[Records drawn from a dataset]
--- START ---
Lemma reindex_avg (T : finType) (e : T -> T) (f : T -> R) :
  bijective e -> avg (fun x => f (e x)) = avg f.
Proof. by move=> e_bij; rewrite /avg [in RHS](reindex e) //; apply: onW_bij. Qed.

Lemma prod_avg (m : nat) (J : finType) (F : 'I_m -> J -> R) :
  \prod_(j < m) avg (F j) = avg (fun b : {ffun 'I_m -> J} => \prod_(j < m) F j (b j)).
Proof.
rewrite /avg big_split /= bigA_distr_bigA /= prodr_const card_ffun card_ord.
by rewrite natrX exprVn.
Qed.

Lemma avg_bool (f : bool -> R) : avg f = (f true + f false) / 2.
Proof. by rewrite /avg big_bool card_bool mulrC. Qed.

End Average.

Lemma card_ffun_gt0 (X Y : finType) (y : Y) : (0 < #|{ffun X -> Y}|)%N.
Proof. by apply/card_gt0P; exists [ffun=> y]. Qed.

Section TranslationInvariance.
Variables (R : realType) (T : finZmodType).

Lemma avg_addl (a : T) (f : T -> R) : avg (fun t => f (a + t)) = avg f.
Proof.
by apply: reindex_avg; exists (fun t => - a + t) => t; [apply: addKr | apply: addNKr].
Qed.

Lemma avg_opp (f : T -> R) : avg (fun t => f (- t)) = avg f.
Proof. by apply: reindex_avg; exists (fun t => - t) => t; rewrite opprK. Qed.

Lemma avg_ffun_add d (f : {ffun 'I_d -> T} -> R) (E : {ffun 'I_d -> T}) :
  avg (fun H : {ffun 'I_d -> T} => f [ffun i => H i + E i]) = avg f.
Proof.
apply: reindex_avg; exists (fun H : {ffun 'I_d -> T} => [ffun i => H i - E i]) => H;
  by apply/ffunP => i; rewrite !ffunE ?addrK ?subrK.
Qed.

End TranslationInvariance.

Section FfunSnoc.
Variable X : Type.

Definition ffun_snoc d (H : {ffun 'I_d -> X}) (h : X) : {ffun 'I_d.+1 -> X} :=
  [ffun i => if unlift ord_max i is Some j then H j else h].

Lemma ffun_snoc_lift d (H : {ffun 'I_d -> X}) h j : ffun_snoc H h (lift ord_max j) = H j.
Proof. by rewrite ffunE liftK. Qed.

Lemma ffun_snoc_widen d (H : {ffun 'I_d -> X}) h j :
  ffun_snoc H h (widen_ord (leqnSn d) j) = H j.
Proof.
have -> : widen_ord (leqnSn d) j = lift ord_max j.
  by apply: val_inj; rewrite /= /bump leqNgt ltn_ord.
exact: ffun_snoc_lift.
Qed.

Lemma ffun_snoc_max d (H : {ffun 'I_d -> X}) h : ffun_snoc H h ord_max = h.
Proof. by rewrite ffunE unlift_none. Qed.

Lemma ffun_snoc_bij d : bijective (fun p : {ffun 'I_d -> X} * X => ffun_snoc p.1 p.2).
Proof.
exists (fun H : {ffun 'I_d.+1 -> X} =>
  ([ffun j => H (lift ord_max j)] : {ffun 'I_d -> X}, H ord_max)).
  move=> [H h] /=; rewrite ffun_snoc_max; congr (_, _).
  by apply/ffunP => j; rewrite ffunE ffun_snoc_lift.
move=> H /=; apply/ffunP => i; rewrite ffunE.
by case: unliftP => [j ->|->]; rewrite ?ffunE.
Qed.

End FfunSnoc.

Lemma big_ffun_snoc (S : Type) (idx : S) (op : Monoid.com_law idx) (X : finType) d
  (F : {ffun 'I_d.+1 -> X} -> S) :
  \big[op/idx]_H F H =
  \big[op/idx]_(H : {ffun 'I_d -> X}) \big[op/idx]_(h : X) F (ffun_snoc H h).
Proof.
rewrite pair_big /= (reindex (fun p : {ffun 'I_d -> X} * X => ffun_snoc p.1 p.2)) //.
exact/onW_bij/ffun_snoc_bij.
Qed.

Lemma avg_ffun_snoc (R : realType) (X : finType) d (F : {ffun 'I_d.+1 -> X} -> R) :
  avg F = avg (fun H : {ffun 'I_d -> X} => avg (fun h : X => F (ffun_snoc H h))).
Proof.
rewrite /avg big_ffun_snoc !card_ffun !card_ord expnSr natrM invfM -mulrA mulr_sumr.
by congr (_ * _).
Qed.

Lemma cube_pt_snoc (G : zmodType) d (x : G) (H : {ffun 'I_d -> G}) h w b :
  cube_pt x (ffun_snoc H h) (ffun_snoc w b) = cube_pt x H w + (if b then h else 0).
Proof.
rewrite /cube_pt big_mkcond big_ord_recr /= !ffun_snoc_max -addrA; congr (_ + _).
rewrite [in RHS]big_mkcond; congr (_ + _); apply: eq_bigr => i _.
by rewrite !ffun_snoc_widen.
Qed.

Section GowersCauchySchwarz.
Variables (R : realType) (T : finZmodType).

Definition gowers_inner d (G : {ffun 'I_d -> bool} -> T -> R) : R :=
  avg (fun x : T => avg (fun H : {ffun 'I_d -> T} => \prod_w G w (cube_pt x H w))).

Definition gowers_fold d (G : {ffun 'I_d.+1 -> bool} -> T -> R) (h : T) :
  {ffun 'I_d -> bool} -> T -> R :=
  fun w y => G (ffun_snoc w false) y * G (ffun_snoc w true) (y + h).

Lemma gowers_innerS d (G : {ffun 'I_d.+1 -> bool} -> T -> R) :
  gowers_inner G = avg (fun h => gowers_inner (gowers_fold G h)).
Proof.
transitivity (avg (fun x => avg (fun H : {ffun 'I_d -> T} => avg (fun h =>
   \prod_w gowers_fold G h w (cube_pt x H w))))).
  rewrite /gowers_inner; apply: eq_avg => x; rewrite avg_ffun_snoc; apply: eq_avg => H.
  apply: eq_avg => h; rewrite big_ffun_snoc; apply: eq_bigr => w _.
  by rewrite big_bool /= !cube_pt_snoc addr0 mulrC.
by rewrite [RHS]exchange_avg; apply: eq_avg => x; apply: exchange_avg.
Qed.

Definition cube_fiber d (f : T -> R) (H : {ffun 'I_d -> T}) : R :=
  avg (fun x => \prod_w f (cube_pt x H w)).

Lemma cube_pt_addl d (x h : T) (H : {ffun 'I_d -> T}) w :
  cube_pt x H w + h = cube_pt (x + h) H w.
Proof. by rewrite /cube_pt addrAC. Qed.

Lemma avg_gowers_avg_shift d (f g : T -> R) :
  avg (fun h => gowers_avg d (fun y => f y * g (y + h))) =
  avg (fun H : {ffun 'I_d -> T} => cube_fiber f H * cube_fiber g H).
Proof.
transitivity (avg (fun x => avg (fun H : {ffun 'I_d -> T} => avg (fun h =>
   (\prod_w f (cube_pt x H w)) * \prod_w g (cube_pt (x + h) H w))))).
  rewrite exchange_avg; apply: eq_avg => x; rewrite exchange_avg; apply: eq_avg => H.
  apply: eq_avg => h; rewrite -big_split /=; apply: eq_bigr => w _.
  by rewrite cube_pt_addl.
rewrite exchange_avg; apply: eq_avg => H; rewrite /cube_fiber -avgMr.
apply: eq_avg => x; rewrite avgMl.
by rewrite (avg_addl x (fun y => \prod_w g (cube_pt y H w))).
Qed.

Lemma gowers_avgS d (f : T -> R) :
  gowers_avg d.+1 f = avg (fun H : {ffun 'I_d -> T} => cube_fiber f H ^+ 2).
Proof.
have -> : gowers_avg d.+1 f = gowers_inner (fun _ : {ffun 'I_d.+1 -> bool} => f) by [].
by rewrite gowers_innerS -avg_gowers_avg_shift.
Qed.

Lemma ler_normM_sqr (a b : R) : `|a * b| <= (a ^+ 2 + b ^+ 2) / 2.
Proof.
rewrite normrM -(real_normK (num_real a)) -(real_normK (num_real b)).
have := sqr_ge0 (`|a| - `|b|).
by move: (`|a|) (`|b|) => x y; nra.
Qed.

Lemma ler_norm_avg_gowers_avg_shift d (f g : T -> R) :
  `|avg (fun h => gowers_avg d (fun y => f y * g (y + h)))| <=
  (gowers_avg d.+1 f + gowers_avg d.+1 g) / 2.
Proof.
rewrite avg_gowers_avg_shift !gowers_avgS -avgD -avgMr.
by apply: le_trans (ler_norm_avg _) _; apply: ler_avg => H; apply: ler_normM_sqr.
Qed.

Lemma avg_gowers_fold_le d (G : {ffun 'I_d.+1 -> bool} -> T -> R) :
  avg (fun w : {ffun 'I_d -> bool} => `|avg (fun h => gowers_avg d (gowers_fold G h w))|)
  <= avg (fun w => gowers_avg d.+1 (G w)).
Proof.
rewrite [X in _ <= X]avg_ffun_snoc; apply: ler_avg => w.
by rewrite avg_bool addrC; apply: ler_norm_avg_gowers_avg_shift.
Qed.

(* The Gowers-Cauchy-Schwarz inequality with the geometric mean of the norms
   replaced by the arithmetic mean of their 2^d-th powers, which avoids roots. *)
Lemma gowers_cauchy_schwarz d (G : {ffun 'I_d.+1 -> bool} -> T -> R) :
  `|gowers_inner G| <= avg (fun w => gowers_avg d.+1 (G w)).
Proof.
elim: d G => [|d IH] G; apply: le_trans (avg_gowers_fold_le G); rewrite gowers_innerS.
  have ffun0 (w : {ffun 'I_0 -> bool}) : w = [ffun=> false].
    by apply/ffunP => -[].
  have inner0 h : gowers_inner (gowers_fold G h) =
      avg (fun w : {ffun 'I_0 -> bool} => gowers_avg 0 (gowers_fold G h w)).
    rewrite -[LHS](@avg_cst _ {ffun 'I_0 -> bool} _ (card_ffun_gt0 _ true)).
    apply: eq_avg => w; apply: eq_avg => x; apply: eq_avg => H.
    by apply: eq_bigr => w' _; rewrite (ffun0 w) (ffun0 w').
  under eq_avg => h do rewrite inner0.
  by rewrite exchange_avg; apply: ler_norm_avg.
apply: le_trans (ler_norm_avg _) _.
apply: le_trans (_ : avg (fun h => avg (fun w => gowers_avg d.+1 (gowers_fold G h w))) <= _).
  by apply: ler_avg => h; apply: IH.
by rewrite exchange_avg; apply: ler_avg => w; apply: ler_norm.
Qed.

End GowersCauchySchwarz.

Section CubeDifferences.
Variables (R : realType) (T : finZmodType).

Lemma cube_pt_false d (x : T) (H : {ffun 'I_d -> T}) : cube_pt x H [ffun=> false] = x.
Proof. by rewrite /cube_pt big1 ?addr0 // => i; rewrite ffunE. Qed.

Lemma cube_ptE d (x : T) (H : {ffun 'I_d -> T}) w : cube_pt x H w = x + cube_pt 0 H w.
Proof. by rewrite /cube_pt add0r. Qed.

Lemma cube_ptD d (x : T) (H H' : {ffun 'I_d -> T}) w :
  cube_pt x [ffun i => H i + H' i] w = cube_pt x H w + cube_pt 0 H' w.
Proof.
rewrite /cube_pt add0r -addrA; congr (_ + _).
by rewrite -big_split; apply: eq_bigr => i _; rewrite ffunE.
Qed.

Lemma cube_pt_delta d (t : T) (c : 'I_d) w :
  cube_pt 0 [ffun i => if i == c then t else 0] w = if w c then t else 0.
Proof.
rewrite /cube_pt add0r; case wc: (w c).
  rewrite (bigD1 c) //= ffunE eqxx big1 ?addr0 // => i /andP[_ /negbTE ic].
  by rewrite ffunE ic.
by rewrite big1 // => i wi; rewrite ffunE; case: eqP => // ic; rewrite ic wc in wi.
Qed.

(* Shifting H along a coordinate where w and w' differ translates
   H.w - H.w' by +-t, so its distribution is uniform. *)
Lemma avg_cube_pt_sub d (w w' : {ffun 'I_d -> bool}) (f : T -> R) :
  w != w' ->
  avg (fun H : {ffun 'I_d -> T} => f (cube_pt 0 H w - cube_pt 0 H w')) = avg f.
Proof.
move=> ww'.
have [c wc] : exists c, w c != w' c.
  apply/existsP; rewrite -negb_forall; apply: contra ww' => /forallP ww'_eq.
  by apply/eqP/ffunP => i; apply/eqP.
pose D (H : {ffun 'I_d -> T}) := cube_pt 0 H w - cube_pt 0 H w'.
have shiftD t : avg (fun H => f (D H)) =
    avg (fun H => f (D H + ((if w c then t else 0) - (if w' c then t else 0)))).
  rewrite -(avg_ffun_add _ [ffun i => if i == c then t else 0]).
  apply: eq_avg => H; congr f; rewrite /D !cube_ptD !cube_pt_delta.
  by rewrite opprD addrACA.
rewrite -(@avg_cst R T (avg (fun H => f (D H)))); last by apply/card_gt0P; exists 0.
under eq_avg => t do rewrite (shiftD t).
rewrite exchange_avg -[RHS](@avg_cst R {ffun 'I_d -> T} (avg f) (card_ffun_gt0 _ 0)).
apply: eq_avg => H.
move: wc; case: (w c); case: (w' c) => // _.
  by rewrite (eq_avg (g := fun t => f (D H + t))) ?avg_addl // => t; rewrite subr0.
rewrite -[RHS](avg_addl (D H)) -[RHS]avg_opp.
by apply: eq_avg => t; rewrite sub0r.
Qed.

End CubeDifferences.

Section DualFunctionProducts.
Variables (R : realType) (T : finZmodType).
--- END ---
Problem to work on: Copy each line above that contains the word "move".

Response:
Proof. by move=> e_bij; rewrite /avg [in RHS](reindex e) //; apply: onW_bij. Qed.
  move=> [H h] /=; rewrite ffun_snoc_max; congr (_, _).
move=> H /=; apply/ffunP => i; rewrite ffunE.
by move: (`|a|) (`|b|) => x y; nra.
move=> ww'.
move: wc; case: (w c); case: (w' c) => // _.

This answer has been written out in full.